Детство и первые ошибки родителей
Мне 42 года, и у меня есть дочь.
Но в её лице я часто вижу ту маленькую девочку, которой когда-то была сама.
Ту, что стояла на кухне и слушала:
— «Ты поправилась».
— «Тебе хватит».
— «Перестань есть сладкое».
Сладости в нашем доме были под запретом.
И чем строже был запрет, тем сильнее хотелось.

Я кралась на кухню поздно вечером, когда весь дом спал.
Была тишина, а стрелки часов тикали громко-громко, будто предупреждали: «Не смей».

Я открывала шкафчик, брала конфету, бежала в комнату и, укрывшись с головой, разворачивала фантик медленно, стараясь не издать ни звука.

Ела быстро, будто боялась, что её отнимут.

А потом — прятала фантики: под подушкой, за батареей, в карманах формы.

Но мама всегда находила.
— «Смотри, что ты делаешь!» — она была очень разочарована.
— «Опять конфеты, зачем?!» — добавляла она.
— «Ты хочешь быть толстой?»

Я стояла перед ней, красная, униженная, и хотела закричать:
«Почему сестре можно, а мне — нет? Почему я всегда плохая?»
Но молчала.

Потому что знала — любое слово только сделает хуже.

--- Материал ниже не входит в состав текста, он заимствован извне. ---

Definition bform M x y : R := \tr (x *m M *m y^T).
Definition qform M x : R := bform M x x.
Definition symmx M := M^T = M.
Definition psdmx M := forall x, 0 <= qform M x.
Definition pdmx M := forall x, x != 0 -> 0 < qform M x.

Lemma bformC M x y : symmx M -> bform M x y = bform M y x.
Proof. by move=> sM; rewrite /bform -mxtrace_tr !trmx_mul trmxK sM mulmxA. Qed.

Lemma bformBl M x y z : bform M (x - y) z = bform M x z - bform M y z.
Proof. by rewrite /bform !mulmxBl raddfB. Qed.

Lemma bformBr M x y z : bform M x (y - z) = bform M x y - bform M x z.
Proof. by rewrite /bform linearB mulmxBr raddfB. Qed.

Lemma bformZl a M x y : bform M (a *: x) y = a * bform M x y.
Proof. by rewrite /bform -!scalemxAl mxtraceZ. Qed.

Lemma bformZr a M x y : bform M x (a *: y) = a * bform M x y.
Proof. by rewrite /bform linearZ -scalemxAr mxtraceZ. Qed.

Lemma qformD M N x : qform (M + N) x = qform M x + qform N x.
Proof. by rewrite /qform /bform mulmxDr mulmxDl mxtraceD. Qed.

Lemma qformB M N x : qform (M - N) x = qform M x - qform N x.
Proof. by rewrite /qform /bform mulmxBr mulmxBl raddfB. Qed.

Lemma qformZ a M x : qform (a *: M) x = a * qform M x.
Proof. by rewrite /qform /bform -scalemxAr -scalemxAl mxtraceZ. Qed.

Lemma qform_sum (I : finType) (F : I -> 'M[R]_n) x :
  qform (\sum_i F i) x = \sum_i qform (F i) x.
Proof. by rewrite /qform /bform mulmx_sumr mulmx_suml raddf_sum. Qed.

Lemma qform0 M : qform M 0 = 0.
Proof. by rewrite /qform /bform !mul0mx mxtrace0. Qed.

Lemma qform_subZ M x y a : symmx M ->
  qform M (x - a *: y) = qform M x - 2 * a * bform M x y + a ^+ 2 * qform M y.
Proof.
by move=> sM; rewrite /qform bformBl !bformBr !bformZl !bformZr (bformC y x sM); ring.
Qed.

Lemma pdmx_psdmx M : pdmx M -> psdmx M.
Proof. by move=> pM x; have [->|/pM/ltW //] := eqVneq x 0; rewrite qform0. Qed.

Lemma pdmx_scale a M : 0 < a -> pdmx M -> pdmx (a *: M).
Proof. by move=> a_gt0 pM x x0; rewrite qformZ mulr_gt0 // pM. Qed.

Lemma pdmx_neq0 M : (0 < n)%N -> pdmx M -> M != 0.
Proof.
move=> n0 pM; apply/eqP => M0.
have e0 : (const_mx 1 : 'rV[R]_n) != 0.
  by apply/eqP => /matrixP /(_ 0 (Ordinal n0)); rewrite !mxE => /eqP; rewrite oner_eq0.
by have := pM _ e0; rewrite M0 /qform /bform mulmx0 mul0mx mxtrace0 ltxx.
Qed.

Lemma pdmx_unit M : pdmx M -> M \in unitmx.
Proof.
move=> pM; rewrite -row_free_unit; apply: inj_row_free => x xM0.
apply/eqP/negPn/negP => /pM.
by rewrite /qform /bform xM0 mul0mx mxtrace0 ltxx.
Qed.

Lemma symmx_inv M : symmx M -> symmx (invmx M).
Proof. by rewrite /symmx trmx_inv => ->. Qed.

Lemma bform_invmx M x y : symmx M -> M \in unitmx ->
  bform M y (x *m invmx M) = \tr (y *m x^T).
Proof. by move=> sM uM; rewrite /bform trmx_mul trmx_inv sM mulmxA mulmxK. Qed.

Lemma qform_invmx M x : symmx M -> M \in unitmx ->
  qform (invmx M) x = qform M (x *m invmx M).
Proof. by move=> sM uM; rewrite /qform bform_invmx. Qed.

Lemma pdmx_inv M : symmx M -> pdmx M -> pdmx (invmx M).
Proof.
move=> sM pM x x0; have uM := pdmx_unit pM.
rewrite qform_invmx //; apply: pM; apply/eqP => xM0; move/eqP: x0; apply.
by rewrite -(mulmxKV uM x) xM0 mul0mx.
Qed.

Lemma quadratic_ge0_discr (a b c : R) : 0 <= c ->
  (forall l, 0 <= a - 2 * l * b + l ^+ 2 * c) -> b ^+ 2 <= a * c.
Proof.
move=> c0 h; have [c_eq0|c_neq0] := eqVneq c 0.
  have [->|b0] := eqVneq b 0; first by rewrite expr0n c_eq0 mulr0.
  have := h ((a + 1) / (2 * b)); rewrite c_eq0 mulr0 addr0.
  have -> : a - 2 * ((a + 1) / (2 * b)) * b = -1 by field; rewrite b0 /=; lra.
  lra.
have c_gt0 : 0 < c by rewrite lt_def c_neq0 c0.
have := h (b / c).
have -> : a - 2 * (b / c) * b + (b / c) ^+ 2 * c = (a * c - b ^+ 2) / c by field.
by rewrite pmulr_lge0 ?invr_gt0 // subr_ge0.
Qed.

Lemma bform_sqr_le M x y : symmx M -> psdmx M ->
  bform M x y ^+ 2 <= qform M x * qform M y.
Proof.
move=> sM pM; apply: quadratic_ge0_discr => [|l]; first exact: pM.
by rewrite -qform_subZ.
Qed.

End QuadraticForm.

Section Congruence.
Variables (R : realFieldType) (m n : nat).

Lemma qform_congr (S : 'M[R]_m) (Z : 'M[R]_(n, m)) x :
  qform (Z *m S *m Z^T) x = qform S (x *m Z).
Proof. by rewrite /qform /bform trmx_mul !mulmxA. Qed.

Lemma psdmx_congr (S : 'M[R]_m) (Z : 'M[R]_(n, m)) : psdmx S -> psdmx (Z *m S *m Z^T).
Proof. by move=> pS x; rewrite qform_congr. Qed.

End Congruence.

Lemma pdmx_congr (R : realFieldType) (n : nat) (S Z : 'M[R]_n) :
  pdmx S -> Z \in unitmx -> pdmx (Z *m S *m Z^T).
Proof.
move=> pS uZ x x0; rewrite qform_congr; apply: pS; apply/eqP => xZ0.
by move/eqP: x0; apply; rewrite -(mulmxK uZ x) xZ0 mul0mx.
Qed.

По моим воспоминаниям, так проходили годы до десяти лет.


Я училась стыдиться еды,

прятать свои желания,

и ненавидеть своё тело.

В 11-12 лет я стала старше, но ничего не изменилось.
Те же запреты, те же взгляды, те же фразы.
Никто не учил меня, как питаться правильно.
Меня учили — бояться еды.
В нашей семье еда никогда не была просто едой.
Она была мерилом любви, заботы, «правильности».
Мама готовила с душой — но и с жиром, как она говорила:
«Чтобы было сытно».
Плов на сале, жареная картошка, густые бульоны, побольше масла — «иначе невкусно».
Так готовили всегда, «по-домашнему».
И когда я начала поправляться, рацион не менялся.
Просто добавились упрёки и контроль.

Моя сестра могла есть мороженое и любые сладости всегда.
Все смеялись, умилялись:
— «Какая ты у нас худенькая!»
А я сидела рядом и слышала другое:
— «Ты уже достаточно съела».
— «Девочка должна быть аккуратной и следить за собой».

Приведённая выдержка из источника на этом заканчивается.